Theorem lemma3p1 (u : R3 -> R)
  (Hreg : Ck 4 u)
  (Hconv : two_convex u)
  (Heq : forall x, sigma2 u x = 1) :
  forall x : R3,
    let w := fun y => ln (lap u y) in
    sum3 (fun i => sum3 (fun j => sigma2_ij u x i j * pd i (pd j w) x))
    >= 1 / 25 *
       sum3 (fun i => sum3 (fun j => sigma2_ij u x i j * pd i w x * pd j w x)).
Proof.
  intros x w.
  assert (lap_pos : forall y, 0 < lap u y) by (intro y; exact (proj1 (Hconv y))).
  set (T := fun i j k => pd i (pd j (pd k u)) x).
  set (L := lap u x).
  assert (hess_w : sum3 (fun i => sum3 (fun j => sigma2_ij u x i j * pd i (pd j w) x))
    = sum3 (fun i => sum3 (fun j => sigma2_ij u x i j *
        ((pd i (pd j (lap u)) x * L - trace_vec T i * trace_vec T j) / L^2)))).
  { apply sum3_ext_lt; intros i hi; apply sum3_ext_lt; intros j hj. unfold w.
    rewrite (log_lap_second_partial u Hreg lap_pos i j x hi hj),
            (lap_gradient u Hreg x i hi), (lap_gradient u Hreg x j hj). reflexivity. }
  assert (grad_w : sum3 (fun i => sum3 (fun j => sigma2_ij u x i j * pd i w x * pd j w x))
    = sum3 (fun i => sum3 (fun j => sigma2_ij u x i j * (trace_vec T i / L) * (trace_vec T j / L)))).
  { apply sum3_ext_lt; intros i hi; apply sum3_ext_lt; intros j hj. unfold w.
    rewrite (log_lap_partial u Hreg lap_pos i hi), (log_lap_partial u Hreg lap_pos j hj),
            (lap_gradient u Hreg x i hi), (lap_gradient u Hreg x j hj). reflexivity. }
  rewrite hess_w, grad_w.
  apply log_rearrangement; [apply lap_pos |].
  rewrite (lap_hessian_contraction u Hreg Heq x).
  apply (key_inequality (hess u x) T).
  - intros i j hi hj. unfold hess. rewrite (hess_sym u Hreg i j) by auto. reflexivity.
  - exact (third_tensor_sym12 u Hreg x).
  - exact (third_tensor_sym23 u Hreg x).
  - exact (lap_pos x).
  - exact (proj2 (Hconv x)).
  - exact (third_tensor_cof_kernel u Hreg Heq x).
Qed.
(* Let $\chi\geq 3$ and $m\geq \vec{R}(\chi)$ be integers, and let $H=H(TT_\chi,m)$. Then for every integer $n\ge 3$, $R(P^{(3)}_{n,2},H)\geq \left(\frac23 n-3\right)(\vec{R}(\chi)-1)+1$; in particular $R(P^{(3)}_{n,2},H)\geq (1+o(1))\frac23(\vec{R}(\chi)-1)n$ as $n\to\infty$.
   Context: $TT_\chi$ denotes the transitive tournament on $[\chi]$. For a tournament $T_\chi$ on $[\chi]$ and $m\ge1$, $H(T_\chi,m)$ is the $3$-uniform hypergraph whose vertex set is partitioned into sets $A_1,\dots,A_\chi$ each of size $m$, with edge set $\{xyz: x,y\in A_i,\ z\in A_j,\ (i,j)\text{ an arc of }T_\chi\}$. $\vec{R}(\ell)$ is the least $N$ such that every tournament on at least $N$ vertices contains a copy of $TT_\ell$. $R(G,H)$ is the least $N$ such that every red/blue colouring of the edges of $K^{(3)}_N$ contains a red copy of $G$ or a blue copy of $H$. The tight path $P^{(3)}_{n,2}$ has vertices $v_1,\dots,v_n$ and edges $\{v_i,v_{i+1},v_{i+2}\}$, $i\in[n-2]$. *)

From mathcomp Require Import all_boot all_order all_algebra.
Set Implicit Arguments. Unset Strict Implicit. Unset Printing Implicit Defensive.

Definition is_tournament (V : finType) (T : rel V) : Prop :=
  (forall x, ~~ T x x) /\ (forall x y, x != y -> T x y != T y x).

Definition contains_TT (V : finType) (T : rel V) (l : nat) : Prop :=
  exists f : 'I_l -> V, injective f /\ (forall i j : 'I_l, i < j -> T (f i) (f j)).

Definition tourn_arrow (l N : nat) : Prop :=
  forall k, N <= k -> forall T : rel 'I_k, is_tournament T -> contains_TT T l.

Definition is_tourn_ramsey (l r : nat) : Prop :=
  tourn_arrow l r /\ (forall N, tourn_arrow l N -> r <= N).

(* A copy of (V,E) in colour b under c : {set 'I_N} -> bool
   (c e = true means the triple e is red, false means blue). *)
Definition mono_copy (N : nat) (c : {set 'I_N} -> bool) (b : bool)
  (V : finType) (E : {set {set V}}) : Prop :=
  exists f : V -> 'I_N, injective f /\ (forall e, e \in E -> c (f @: e) = b).

(* Tight path P^{(3)}_{n,2} on vertices 0..n-1 (v_{i+1} = i),
   edges {i, i+1, i+2} for i + 2 < n. *)
Definition tight_path_edges (n : nat) : {set {set 'I_n}} :=
  [set e : {set 'I_n} | [exists i : 'I_n,
     (i.+2 < n) && (e == [set x : 'I_n | (i <= x) && (x <= i.+2)])]].

(* H(T_chi, m): vertex set 'I_chi * 'I_m, A_i = {i} * 'I_m,
   edges xyz with x,y in A_i (x != y), z in A_j, (i,j) an arc of T. *)
Definition Hedges (chi m : nat) (T : rel 'I_chi) : {set {set ('I_chi * 'I_m)}} :=
  [set e : {set ('I_chi * 'I_m)} | [exists x, exists y, exists z,
     [&& x.1 == y.1, x != y, T x.1 z.1 & e == [set x; y; z]]]].

Definition TT (chi : nat) : rel 'I_chi := fun i j => i < j.

Definition ramsey_arrow_path_H (n chi m N : nat) : Prop :=
  forall c : {set 'I_N} -> bool,
    mono_copy c true (tight_path_edges n) \/ mono_copy c false (@Hedges chi m (@TT chi)).

(* Let T be a tournament on r - 1 vertices with no TT_chi (it exists by
   minimality of r) and split the N vertices into r - 1 classes of size at most
   s = 2 floor(n/3) - 1.  Colour a triple red when two of its vertices share a
   class a that sends no arc of T to the class of any vertex of the triple.
   In a blue copy of H(TT_chi, m) each A_i has m > r - 1 vertices, so two of
   them share a class c_i, and blueness of the edge they form with a vertex of
   A_j forces the arc c_i -> c_j: the c_i span a TT_chi in T.  In a red tight
   path consecutive edges share two vertices, so their sink classes coincide
   (two distinct ones would not beat each other); thus one class holds two of
   every three consecutive path vertices, more than s in total.  Hence
   N > s (r - 1). *)

From mathcomp Require Import all_boot all_order all_algebra.
From mathcomp Require Import zify lra.
From Stdlib Require Import Classical.
Import Order.TTheory GRing.Theory Num.Theory.
Set Implicit Arguments. Unset Strict Implicit. Unset Printing Implicit Defensive.

Lemma TT_tournament k : is_tournament (@TT k).
Proof.
split=> [i|i j]; first by rewrite /TT ltnn.
by rewrite /TT; case: ltngtP => // /val_inj ->; rewrite eqxx.
Qed.

Lemma is_tournament_relpre (V W : finType) (h : W -> V) (T : rel V) :
  injective h -> is_tournament T -> is_tournament (relpre h T).
Proof.
move=> h_inj [Tirr Tarc]; split=> [x|x y]; first exact: Tirr.
by rewrite -(inj_eq h_inj); apply: Tarc.
Qed.

Lemma contains_TT_relpre (V W : finType) (h : W -> V) (T : rel V) l :
  injective h -> contains_TT (relpre h T) l -> contains_TT T l.
Proof.
move=> h_inj [g [g_inj g_arc]]; exists (h \o g); split; last exact: g_arc.
exact: inj_comp.
Qed.

Lemma contains_TT_of_chain (V : finType) (T : rel V) l (g : 'I_l -> V) :
  (forall x, ~~ T x x) -> (forall i j : 'I_l, i < j -> T (g i) (g j)) ->
  contains_TT T l.
Proof.
move=> Tirr g_arc; exists g; split=> // i j gij.
apply: val_inj; case: (ltngtP i j) => // /g_arc; rewrite gij.
- by rewrite (negbTE (Tirr _)).
- by rewrite (negbTE (Tirr _)).
Qed.

Lemma tourn_ramsey_ge l r : is_tourn_ramsey l r -> l <= r.
Proof.
case=> arrow _; have [g [g_inj _]] := arrow r (leqnn r) _ (@TT_tournament r).
by have := leq_card _ g_inj; rewrite !card_ord.
Qed.

Lemma tourn_ramsey_extremal l r : is_tourn_ramsey l r -> 0 < r ->
  exists T : rel 'I_r.-1, is_tournament T /\ ~ contains_TT T l.
Proof.
case=> _ r_min r_gt0.
have : ~ tourn_arrow l r.-1 by move/r_min; lia.
move=> /not_all_ex_not[k /not_all_ex_not[le_rk /not_all_ex_not[T]]].
move=> no_arrow; have [Ttour noTT] := imply_to_and _ _ no_arrow.
have widen_inj : injective (widen_ord le_rk) by move=> i j /(congr1 val) /= /val_inj.
exists (relpre (widen_ord le_rk) T); split; first exact: is_tournament_relpre.
by move/(contains_TT_relpre widen_inj).
Qed.

Lemma balanced_partition N K s : N <= s * K ->
  exists p : 'I_N -> 'I_K, forall a, #|[set x | p x == a]| <= s.
Proof.
move=> le_N_sK.
have div_lt (x : 'I_N) : x %/ s < K.
  case: s le_N_sK => [|s] le_N_sK; first by have := ltn_ord x; lia.
  by rewrite ltn_divLR //; have := ltn_ord x; lia.
exists (fun x => Ordinal (div_lt x)) => a.
case: s le_N_sK div_lt => [|s] le_N_sK div_lt.
  by apply: leq_trans (max_card _) _; rewrite card_ord; lia.
pose mod_ord (x : 'I_N) := Ordinal (ltn_pmod x (ltn0Sn s)).
have mod_inj : {in [set x | Ordinal (div_lt x) == a] &, injective mod_ord}.
  move=> x y; rewrite !inE => /eqP/(congr1 val) /= div_x /eqP/(congr1 val) /= div_y.
  move=> /(congr1 val) /= mod_xy.
  by apply: val_inj; rewrite /= (divn_eq x s.+1) (divn_eq y s.+1) div_x div_y mod_xy.
by have := leq_card_in mod_ord _ mod_inj; rewrite card_ord.
Qed.

Lemma exists_collision (A B : finType) (h : A -> B) :
  #|B| < #|A| -> exists x y, x != y /\ h x = h y.
Proof.
move=> ltBA; have /injectivePn[x [y neq_xy eq_hxy]] : ~~ injectiveb h.
  by apply: contraL ltBA => /injectiveP/leq_card; rewrite -leqNgt.
by exists x, y.
Qed.

Lemma tight_path_window n t : t.+2 < n.+1 ->
  [set inord t; inord t.+1; inord t.+2] \in tight_path_edges n.+1.
Proof.
move=> lt_tn; rewrite inE; apply/existsP; exists (inord t).
rewrite inordK; last lia.
rewrite lt_tn eq_sym; apply/eqP/setP => x; rewrite !inE -!val_eqE /= !inordK; lia.
Qed.

Section SinkColouring.

Variables (V : finType) (T : rel V) (N : nat) (p : 'I_N -> V).
Hypothesis T_tournament : is_tournament T.

Definition sink_colouring (e : {set 'I_N}) : bool :=
  [exists u in e, exists v in e,
    [&& u != v, p u == p v & [forall w in e, ~~ T (p u) (p w)]]].

Lemma blue_triple_arc A B C : ~~ sink_colouring [set A; B; C] ->
  A != B -> p A = p B -> T (p A) (p C).
Proof.
case: T_tournament => Tirr _ not_red neq_AB eq_pAB.
move/existsPn/(_ A): not_red; rewrite !inE eqxx /= => /existsPn/(_ B).
rewrite !inE eqxx orbT neq_AB eq_pAB eqxx /= => /forallPn[w].
rewrite negb_imply negbK !inE -orbA => /andP[/or3P[] /eqP-> //];
  by rewrite ?eq_pAB (negbTE (Tirr _)).
Qed.

Lemma blue_H_contains_TT chi m : #|V| < m ->
  mono_copy sink_colouring false (@Hedges chi m (@TT chi)) -> contains_TT T chi.
Proof.
case: T_tournament => Tirr _ ltVm [f [f_inj f_blue]].
have collision (i : 'I_chi) : exists xy : 'I_m * 'I_m,
    (xy.1 != xy.2) && (p (f (i, xy.1)) == p (f (i, xy.2))).
  have [|x [y [neq_xy eq_pxy]]] := exists_collision (fun x => p (f (i, x))).
    by rewrite card_ord.
  by exists (x, y); rewrite neq_xy eq_pxy eqxx.
have [xy xyP] := fin_all_exists collision.
apply: (@contains_TT_of_chain _ _ _ (fun i => p (f (i, (xy i).1))) Tirr) => i j lt_ij.
have /andP[neq_xy /eqP eq_pxy] := xyP i.
have H_edge : [set (i, (xy i).1); (i, (xy i).2); (j, (xy j).1)] \in Hedges m (@TT chi).
  rewrite inE; apply/existsP; exists (i, (xy i).1); apply/existsP; exists (i, (xy i).2).
  by apply/existsP; exists (j, (xy j).1); rewrite /TT /= xpair_eqE !eqxx neq_xy lt_ij.
have := f_blue _ H_edge; rewrite imsetU imsetU1 !imset_set1 => /negbT/blue_triple_arc.
by apply=> //; rewrite (inj_eq f_inj) xpair_eqE eqxx.
Qed.

Definition window_sink (a x y z : V) : bool :=
  [&& 2 <= (x == a) + (y == a) + (z == a), ~~ T a x, ~~ T a y & ~~ T a z].

Lemma window_sink_unique a b x y z w :
  window_sink a x y z -> window_sink b y z w -> a = b.
Proof.
case: T_tournament => _ Tarc /and4P[count_a ax ay az] /and4P[count_b yb zb wb].
have a_yz : (y == a) || (z == a) by move: count_a; case: (x == a); case: eqP; case: eqP.
have b_yz : (y == b) || (z == b) by move: count_b; case: (w == b); case: eqP; case: eqP.
have ba : ~~ T b a by case/orP: a_yz => /eqP <-.
have ab : ~~ T a b by case/orP: b_yz => /eqP <-.
by case: (eqVneq a b) => // /Tarc; rewrite (negbTE ab) (negbTE ba).
Qed.

Lemma sink_colouring_window_sink A B C :
  sink_colouring [set A; B; C] -> exists a, window_sink a (p A) (p B) (p C).
Proof.
case/existsP=> u /andP[u_e /existsP[v /andP[v_e /and3P[neq_uv /eqP eq_puv /forallP no_arc]]]].
exists (p u); apply/and4P; split; last 3 first.
- by have := no_arc A; rewrite !inE eqxx.
- by have := no_arc B; rewrite !inE eqxx orbT.
- by have := no_arc C; rewrite !inE eqxx !orbT.
move: u_e v_e neq_uv eq_puv; rewrite !inE -!orbA.
by case/or3P=> /eqP-> /or3P[]/eqP->; rewrite ?eqxx // => _ ->; rewrite eqxx; lia.
Qed.

Lemma window_sink_constant (q : nat -> V) n : 2 < n ->
  (forall t, t.+2 < n -> exists a, window_sink a (q t) (q t.+1) (q t.+2)) ->
  exists a, forall t, t.+2 < n -> window_sink a (q t) (q t.+1) (q t.+2).
Proof.
move=> n_gt2 windows; have [a sink0] := windows 0 n_gt2.
exists a; elim=> [//|t IH] lt_tn; have [b sink_b] := windows _ lt_tn.
by rewrite (window_sink_unique (IH (ltnW lt_tn)) sink_b).
Qed.

Lemma window_sink_count (q : nat -> V) n a :
  (forall t, t.+2 < n -> window_sink a (q t) (q t.+1) (q t.+2)) ->
  2 * (n %/ 3) <= \sum_(0 <= t < n) (q t == a).
Proof.
move=> sinks.
have prefix j : 3 * j <= n -> 2 * j <= \sum_(0 <= t < 3 * j) (q t == a).
  elim: j => [|j IH] le_jn; first by rewrite muln0.
  have -> : 3 * j.+1 = (3 * j).+3 by rewrite mulnS.
  rewrite !big_nat_recr //=.
  have /and4P[two_a _ _ _] := sinks (3 * j) ltac:(lia).
  have := IH ltac:(lia); lia.
have le_n : 3 * (n %/ 3) <= n by rewrite mulnC leq_trunc_div.
apply: leq_trans (prefix _ le_n) _.
by rewrite [leqRHS](@big_cat_nat _ _ _ (3 * (n %/ 3))) ?leq_addr.
Qed.

Lemma red_path_large_class n : 2 < n ->
  mono_copy sink_colouring true (tight_path_edges n) ->
  exists a, 2 * (n %/ 3) <= #|[set x | p x == a]|.
Proof.
case: n => [//|n] n_gt2 [f [f_inj f_red]].
pose q t := p (f (inord t)).
have windows t : t.+2 < n.+1 -> exists a, window_sink a (q t) (q t.+1) (q t.+2).
  move=> lt_tn; apply: sink_colouring_window_sink.
  by have := f_red _ (tight_path_window lt_tn); rewrite imsetU imsetU1 !imset_set1.
have [a sinks] := window_sink_constant n_gt2 windows.
exists a; apply: leq_trans (window_sink_count sinks) _.
have -> : \sum_(0 <= t < n.+1) (q t == a) = #|[set t | p (f t) == a]|.
  rewrite big_mkord -sum1dep_card [RHS]big_mkcond /=; apply: eq_bigr => t _.
  by rewrite /q inord_val; case: (p (f t) == a).
rewrite -(card_imset _ f_inj); apply/subset_leq_card/subsetP => x /imsetP[t].
by rewrite !inE => pt ->.
Qed.

End SinkColouring.

Theorem proposition1p15 (chi m r n : nat) :
  3 <= chi -> is_tourn_ramsey chi r -> r <= m -> 3 <= n ->
  forall N : nat, ramsey_arrow_path_H n chi m N ->
    ((2%:R / 3%:R * n%:R - 3%:R) * (r%:R - 1) + 1 <= (N%:R : rat))%R.
Proof.
move=> chi_ge3 ramsey le_rm n_ge3 N arrow.
have le_chi_r := tourn_ramsey_ge ramsey.
have [T [T_tour noTT]] := tourn_ramsey_extremal ramsey ltac:(lia).
have n3_gt0 : 0 < n %/ 3 by rewrite divn_gt0.
pose s := 2 * (n %/ 3) - 1.
have lt_sr_N : s * r.-1 < N.
  rewrite ltnNge; apply/negP => /balanced_partition[p p_small].
  case: (arrow (sink_colouring T p)) => [/(red_path_large_class T_tour n_ge3)[a] | blue].
    by move=> /leq_trans/(_ (p_small a)); rewrite /s; lia.
  by apply/noTT/(blue_H_contains_TT T_tour _ blue); rewrite card_ord; lia.
have r_ge1 : 1 <= r by lia.
have le_N : (s%:R * (r%:R - 1) + 1 <= N%:R :> rat)%R.
  by rewrite -(natrB _ r_ge1) -natrM natr1 ler_nat subn1.
have le_n_s : (2 * n%:R <= 3 * s%:R + 7 :> rat)%R.
  by rewrite -!natrM -natrD ler_nat /s; lia.
have r1_ge0 : (0 <= r%:R - 1 :> rat)%R by rewrite subr_ge0 ler1n.
apply: le_trans le_N; rewrite lerD2r; apply: ler_wpM2r => //; lra.
Qed.
Lemma hoppe_weight_sum_nat n (i : 'I_n) m (F : nat -> R) : val i = m.+1 ->
  \sum_(x : 'I_n) hoppe_weight theta i x * F x
  = (theta * F 0%N + \sum_(x < m) F x.+1) / (theta + m%:R).
Proof.
move=> im.
pose a x := if x == 0%N then theta else 1.
rewrite (eq_bigr (fun x : 'I_n =>
  (if (val x < m.+1)%N then a x * F x else 0) / (theta + m%:R))); last first.
  by move=> x _; rewrite /hoppe_weight im /=; case: ifP; rewrite ?mul0r // mulrAC.
rewrite -big_distrl /=; congr (_ / _).
rewrite -(big_mkord xpredT (fun x => if (x < m.+1)%N then a x * F x else 0)).
rewrite (big_cat_nat _ (n := m.+1)) //=; last by rewrite -im (ltnW (ltn_ord i)).
rewrite [X in _ + X](_ : _ = 0) ?addr0; last first.
  by rewrite big_nat_cond big1 // => x /andP [/andP [hx _] _]; rewrite ltnNge hx.
rewrite big_nat_recl // ltnS leq0n /a eqxx big_mkord; congr (_ + _).
by apply: eq_bigr => x _; rewrite ltnS ltn_ord mul1r.
Qed.

Lemma hoppe_weight_sum n (k : 'I_n) : \sum_j hoppe_weight theta k j = 1.
Proof.
case ek: (val k) => [|m].
  rewrite (bigD1 (Ordinal (leq_ltn_trans (leq0n k) (ltn_ord k)))) //=.
  rewrite /hoppe_weight ek eqxx big1 ?addr0 // => j j0.
  by rewrite ifN //; apply: contraNneq j0 => j0; apply/eqP/val_inj.
rewrite -[RHS](divff (theta_addn_neq0 m)) -[RHS]mul1r.
have := hoppe_weight_sum_nat (fun _ => 1) ek.
under eq_bigr do rewrite mulr1.
by move=> ->; rewrite sumr_const card_ord mulr1 mul1r -mulr_natr mul1r.
Qed.

End HoppeWeights.

Section BernoulliGenerating.

Variables (R : realType) (theta : R).
Hypothesis theta_gt0 : 0 < theta.

Definition bern_param (i : nat) : R := 1 / (theta + i.+1%:R).

Definition bern_gen (m : nat) : {poly R} :=
  \prod_(i < m) ((1 - bern_param i)%:P + (bern_param i)%:P * 'X).

Lemma coef_bern_gen m k : (bern_gen m)`_k =
  \sum_(b : {ffun 'I_m -> bool} | (\sum_(i < m) (b i : nat) == k)%N)
    bernoulli_prob theta b.
Proof.
have -> : bern_gen m = \prod_(i < m) \sum_(x : bool)
    (if x then (bern_param i)%:P * 'X else (1 - bern_param i)%:P).
  apply: eq_bigr => i _.
  by rewrite (bigD1 true) //= (big_pred1 false); [rewrite addrC | case].
rewrite bigA_distr_bigA /= (eq_bigr (fun b : {ffun 'I_m -> bool} =>
  bernoulli_prob theta b *: 'X^(\sum_(i < m) (b i : nat)))) ?coef_sumMXn // => b _.
rewrite -prodrXr -mul_polyC rmorph_prod -big_split /=.
by apply: eq_bigr => i _; case: (b i); rewrite /= ?expr1 ?expr0 ?mulr1.
Qed.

━━━━━━━━━━━━━━━━

### What needs to be done
Only lines with the word "andP" should be collected from the material.

### Response
rewrite negb_imply negbK !inE -orbA => /andP[/or3P[] /eqP-> //];
have /andP[neq_xy /eqP eq_pxy] := xyP i.
case/existsP=> u /andP[u_e /existsP[v /andP[v_e /and3P[neq_uv /eqP eq_puv /forallP no_arc]]]].
  by rewrite big_nat_cond big1 // => x /andP [/andP [hx _] _]; rewrite ltnNge hx.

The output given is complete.